Selon acte du 30 décembre 2011, Maître [B] [K], notaire à [Localité 7], a procédé à la liquidation et au partage des successions des époux [O]-[J].
Au titre dudit partage, un immeuble sis [Adresse 6] à [Localité 7] a été attribué indivisément à trois des enfants, [S], [D] et [W] [O], à hauteur d’un tiers chacun.
Cette attribution a été compensée par des soultes au bénéfice des trois autres héritiers, et incombant aux trois indivisaires à hauteur d’un tiers chacun.
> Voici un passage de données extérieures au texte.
Lemma pairing_term_abs_le eps D sg a : eps * eps = 1 -> 1 <= a -> 0 <= D -> 0 <= sg ->
  Rabs (pairing_term eps D sg a) <= pairing_majorant D sg a.
Proof.
  intros Heps Ha HD Hsg.
  pose proof sqrt3_pos; pose proof sqrt3_sqr.
  pose proof (sqrt_pos (1 + 2 * a)) as Hs.
  pose proof (sqrt3_mul_sqrt_le a ltac:(lra)) as Hs3.
  set (s := sqrt (1 + 2 * a)) in *; set (k := 2 + a + sg).
  assert (HQ : 0 < sqrt 3 * (1 + a)) by nra.
  assert (Hnum : Rabs (eps * D - s * k) <= D + s * k).
  { assert (Habs : Rabs eps = 1).
    { assert (Rabs eps * Rabs eps = 1) by (rewrite <- Rabs_mult, Heps; apply Rabs_R1).
      pose proof (Rabs_pos eps); nra. }
    eapply Rle_trans; [apply Rabs_triang |].
    rewrite Rabs_mult, Habs, Rabs_Ropp, !Rabs_pos_eq by (unfold k; nra); lra. }
  unfold pairing_term, pairing_majorant; fold s k.
  unfold Rdiv; rewrite Rabs_mult, (Rabs_pos_eq (/ _)) by (apply Rlt_le, Rinv_0_lt_compat; lra).
  assert (Hsk : s * k * / (sqrt 3 * (1 + a)) <= (2 + a) * k * / (3 * (1 + a))).
  { replace (s * k * / (sqrt 3 * (1 + a)))
      with (sqrt 3 * s * k * / (sqrt 3 * sqrt 3 * (1 + a))) by (field; lra).
    rewrite H0.
    apply Rmult_le_compat_r; [apply Rlt_le, Rinv_0_lt_compat; lra |].
    apply Rmult_le_compat_r; unfold k; lra. }
  apply Rle_trans with ((D + s * k) * / (sqrt 3 * (1 + a))).
  - apply Rmult_le_compat_r; [apply Rlt_le, Rinv_0_lt_compat |]; lra.
  - rewrite Rmult_plus_distr_r; lra.
Qed.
Par jugement contradictoire du 4 juillet 2017, le tribunal a notamment ordonné l’ouverture des opérations de compte, liquidation et partage de l’indivision conventionnelle existant entre [S], [D] et [W] [O] sur l’immeuble sis [Adresse 6] à [Localité 7] et désigné à cette fin Maître [T], notaire à [Localité 9].
Par exploit du 17 janvier 2019, Madame [D] [O] a fait assigner Monsieur [S] [O] devant le tribunal judiciaire de Nancy aux fins notamment de le condamner à lui payer une somme totale de 24273 euros, en remboursement des soultes qu’elle a versées en lieu et place de son frère.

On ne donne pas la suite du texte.